* _ASSIGNMENT_
What is needed is an exact copy of the lines in the listing below, from the one with "apply: (iffP existsP)" up to and including the one with "by exists (f", with no other lines.

* _DATA FOR PROCESSING_

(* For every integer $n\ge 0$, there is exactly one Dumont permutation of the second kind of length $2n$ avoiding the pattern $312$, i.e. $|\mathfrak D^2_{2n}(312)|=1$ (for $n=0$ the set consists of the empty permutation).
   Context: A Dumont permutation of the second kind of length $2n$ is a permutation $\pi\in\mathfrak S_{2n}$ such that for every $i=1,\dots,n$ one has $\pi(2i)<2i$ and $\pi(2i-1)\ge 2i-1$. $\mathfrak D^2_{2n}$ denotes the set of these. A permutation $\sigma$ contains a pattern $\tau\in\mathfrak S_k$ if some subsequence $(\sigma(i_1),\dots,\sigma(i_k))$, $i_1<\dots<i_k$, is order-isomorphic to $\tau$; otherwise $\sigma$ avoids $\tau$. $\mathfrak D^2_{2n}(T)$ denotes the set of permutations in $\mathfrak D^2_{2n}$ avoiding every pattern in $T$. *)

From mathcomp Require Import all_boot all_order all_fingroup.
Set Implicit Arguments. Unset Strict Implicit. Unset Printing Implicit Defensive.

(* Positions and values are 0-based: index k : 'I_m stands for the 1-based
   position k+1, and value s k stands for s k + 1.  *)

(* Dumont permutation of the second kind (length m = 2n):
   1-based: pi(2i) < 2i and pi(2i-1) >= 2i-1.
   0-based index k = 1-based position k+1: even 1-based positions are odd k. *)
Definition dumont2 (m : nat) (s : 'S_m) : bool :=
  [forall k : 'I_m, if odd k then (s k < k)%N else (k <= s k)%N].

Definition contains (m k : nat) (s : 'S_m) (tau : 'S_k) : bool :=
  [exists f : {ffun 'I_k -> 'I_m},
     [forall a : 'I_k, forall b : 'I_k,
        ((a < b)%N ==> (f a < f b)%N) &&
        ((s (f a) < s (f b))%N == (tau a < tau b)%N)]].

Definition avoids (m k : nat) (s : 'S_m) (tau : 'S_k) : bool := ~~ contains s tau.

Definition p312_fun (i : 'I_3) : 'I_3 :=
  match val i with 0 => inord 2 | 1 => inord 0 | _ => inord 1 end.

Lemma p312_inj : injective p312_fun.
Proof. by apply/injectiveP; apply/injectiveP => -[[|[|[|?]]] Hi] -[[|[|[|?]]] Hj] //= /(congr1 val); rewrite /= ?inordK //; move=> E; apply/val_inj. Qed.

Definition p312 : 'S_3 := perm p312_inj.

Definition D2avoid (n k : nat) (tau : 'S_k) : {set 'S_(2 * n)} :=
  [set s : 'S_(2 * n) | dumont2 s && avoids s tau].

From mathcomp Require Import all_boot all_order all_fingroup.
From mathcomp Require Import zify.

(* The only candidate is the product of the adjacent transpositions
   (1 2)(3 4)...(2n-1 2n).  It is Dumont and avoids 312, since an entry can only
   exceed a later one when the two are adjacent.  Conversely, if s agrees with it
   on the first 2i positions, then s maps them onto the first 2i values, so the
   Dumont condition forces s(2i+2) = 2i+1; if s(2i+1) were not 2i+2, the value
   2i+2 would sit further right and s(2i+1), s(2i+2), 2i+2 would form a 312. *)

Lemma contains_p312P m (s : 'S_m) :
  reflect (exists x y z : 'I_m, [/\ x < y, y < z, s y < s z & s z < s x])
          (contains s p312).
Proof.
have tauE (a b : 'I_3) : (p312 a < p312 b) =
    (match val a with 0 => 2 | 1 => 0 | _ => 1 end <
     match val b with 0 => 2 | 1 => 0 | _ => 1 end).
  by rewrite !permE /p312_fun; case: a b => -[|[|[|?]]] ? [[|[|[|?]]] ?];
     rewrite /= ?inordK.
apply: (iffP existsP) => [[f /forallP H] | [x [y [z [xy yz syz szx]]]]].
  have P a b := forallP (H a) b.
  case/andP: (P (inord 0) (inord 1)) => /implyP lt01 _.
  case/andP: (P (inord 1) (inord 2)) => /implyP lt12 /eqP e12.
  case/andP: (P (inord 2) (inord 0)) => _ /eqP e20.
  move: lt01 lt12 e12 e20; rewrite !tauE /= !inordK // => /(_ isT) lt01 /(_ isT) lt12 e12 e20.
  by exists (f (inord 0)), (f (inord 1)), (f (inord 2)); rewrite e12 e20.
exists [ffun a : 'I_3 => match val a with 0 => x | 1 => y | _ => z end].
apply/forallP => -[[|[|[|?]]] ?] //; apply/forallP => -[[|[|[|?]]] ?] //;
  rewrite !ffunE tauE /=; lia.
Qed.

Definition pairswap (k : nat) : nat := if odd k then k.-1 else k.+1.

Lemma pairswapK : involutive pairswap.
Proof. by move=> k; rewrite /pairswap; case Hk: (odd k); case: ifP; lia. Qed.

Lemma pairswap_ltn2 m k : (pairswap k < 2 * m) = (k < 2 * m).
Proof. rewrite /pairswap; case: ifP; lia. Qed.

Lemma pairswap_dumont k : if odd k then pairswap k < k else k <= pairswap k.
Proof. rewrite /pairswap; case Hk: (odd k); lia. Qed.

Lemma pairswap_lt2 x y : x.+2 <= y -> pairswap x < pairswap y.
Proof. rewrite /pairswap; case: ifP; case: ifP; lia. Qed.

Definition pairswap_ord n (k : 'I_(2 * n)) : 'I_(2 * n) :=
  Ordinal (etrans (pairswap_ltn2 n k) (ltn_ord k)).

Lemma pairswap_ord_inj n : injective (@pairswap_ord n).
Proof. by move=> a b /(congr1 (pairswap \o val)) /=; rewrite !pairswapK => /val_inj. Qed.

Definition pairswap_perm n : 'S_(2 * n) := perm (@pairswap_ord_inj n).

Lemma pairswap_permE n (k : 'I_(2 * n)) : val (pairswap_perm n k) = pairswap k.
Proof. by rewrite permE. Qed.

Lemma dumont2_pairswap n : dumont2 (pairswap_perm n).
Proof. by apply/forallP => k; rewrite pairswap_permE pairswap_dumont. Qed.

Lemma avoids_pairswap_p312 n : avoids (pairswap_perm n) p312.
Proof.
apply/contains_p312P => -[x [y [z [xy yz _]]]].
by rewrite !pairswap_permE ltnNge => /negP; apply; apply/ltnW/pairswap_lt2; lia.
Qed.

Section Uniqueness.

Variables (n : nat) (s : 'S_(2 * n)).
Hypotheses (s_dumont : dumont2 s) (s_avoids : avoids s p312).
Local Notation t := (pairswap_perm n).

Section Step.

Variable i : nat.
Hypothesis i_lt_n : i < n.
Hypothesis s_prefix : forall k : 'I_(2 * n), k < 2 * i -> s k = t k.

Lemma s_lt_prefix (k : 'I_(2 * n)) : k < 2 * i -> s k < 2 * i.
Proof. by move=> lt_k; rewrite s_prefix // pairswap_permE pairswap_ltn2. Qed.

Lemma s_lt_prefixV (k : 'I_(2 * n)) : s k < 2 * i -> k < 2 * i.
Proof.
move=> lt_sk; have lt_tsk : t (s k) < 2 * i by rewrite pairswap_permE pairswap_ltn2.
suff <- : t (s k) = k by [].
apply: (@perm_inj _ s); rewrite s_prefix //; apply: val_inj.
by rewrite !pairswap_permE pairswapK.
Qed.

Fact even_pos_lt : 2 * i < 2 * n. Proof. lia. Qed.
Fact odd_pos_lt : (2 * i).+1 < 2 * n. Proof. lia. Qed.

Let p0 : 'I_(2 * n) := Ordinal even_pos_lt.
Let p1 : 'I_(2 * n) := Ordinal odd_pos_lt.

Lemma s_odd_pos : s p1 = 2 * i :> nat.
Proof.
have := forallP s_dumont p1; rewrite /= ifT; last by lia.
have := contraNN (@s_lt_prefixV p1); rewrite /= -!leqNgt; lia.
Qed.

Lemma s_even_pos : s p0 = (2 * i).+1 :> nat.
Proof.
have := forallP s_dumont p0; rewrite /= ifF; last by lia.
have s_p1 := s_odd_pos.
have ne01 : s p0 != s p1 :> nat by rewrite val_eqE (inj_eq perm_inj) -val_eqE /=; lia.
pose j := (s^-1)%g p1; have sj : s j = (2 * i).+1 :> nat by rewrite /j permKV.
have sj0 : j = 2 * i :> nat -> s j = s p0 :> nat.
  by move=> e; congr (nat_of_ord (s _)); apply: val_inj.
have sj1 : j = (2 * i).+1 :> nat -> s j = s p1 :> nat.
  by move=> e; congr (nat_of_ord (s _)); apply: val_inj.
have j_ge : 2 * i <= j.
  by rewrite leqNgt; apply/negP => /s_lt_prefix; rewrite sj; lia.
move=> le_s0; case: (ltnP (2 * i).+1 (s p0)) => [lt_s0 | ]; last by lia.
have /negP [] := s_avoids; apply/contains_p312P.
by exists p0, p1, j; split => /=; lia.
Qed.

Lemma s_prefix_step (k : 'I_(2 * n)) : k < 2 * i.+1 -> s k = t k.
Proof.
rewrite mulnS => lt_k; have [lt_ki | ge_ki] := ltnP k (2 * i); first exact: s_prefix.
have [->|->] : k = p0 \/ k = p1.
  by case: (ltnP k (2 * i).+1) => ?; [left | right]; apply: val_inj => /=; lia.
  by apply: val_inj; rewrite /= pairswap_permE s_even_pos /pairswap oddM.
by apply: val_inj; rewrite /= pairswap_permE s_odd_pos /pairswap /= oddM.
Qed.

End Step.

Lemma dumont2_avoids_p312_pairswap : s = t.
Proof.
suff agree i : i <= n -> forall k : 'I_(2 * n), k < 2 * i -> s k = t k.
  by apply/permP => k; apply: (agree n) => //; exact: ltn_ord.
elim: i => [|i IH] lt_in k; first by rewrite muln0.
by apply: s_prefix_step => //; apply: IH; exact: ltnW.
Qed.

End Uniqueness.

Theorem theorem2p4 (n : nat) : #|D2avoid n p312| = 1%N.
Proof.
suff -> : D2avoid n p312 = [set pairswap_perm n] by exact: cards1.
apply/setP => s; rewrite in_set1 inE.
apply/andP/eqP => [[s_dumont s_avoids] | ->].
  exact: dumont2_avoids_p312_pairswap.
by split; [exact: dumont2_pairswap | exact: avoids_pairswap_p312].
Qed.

* _OUTPUT BELOW_
apply: (iffP existsP) => [[f /forallP H] | [x [y [z [xy yz syz szx]]]]].
  have P a b := forallP (H a) b.
  case/andP: (P (inord 0) (inord 1)) => /implyP lt01 _.
  case/andP: (P (inord 1) (inord 2)) => /implyP lt12 /eqP e12.
  case/andP: (P (inord 2) (inord 0)) => _ /eqP e20.
  move: lt01 lt12 e12 e20; rewrite !tauE /= !inordK // => /(_ isT) lt01 /(_ isT) lt12 e12 e20.
  by exists (f (inord 0)), (f (inord 1)), (f (inord 2)); rewrite e12 e20.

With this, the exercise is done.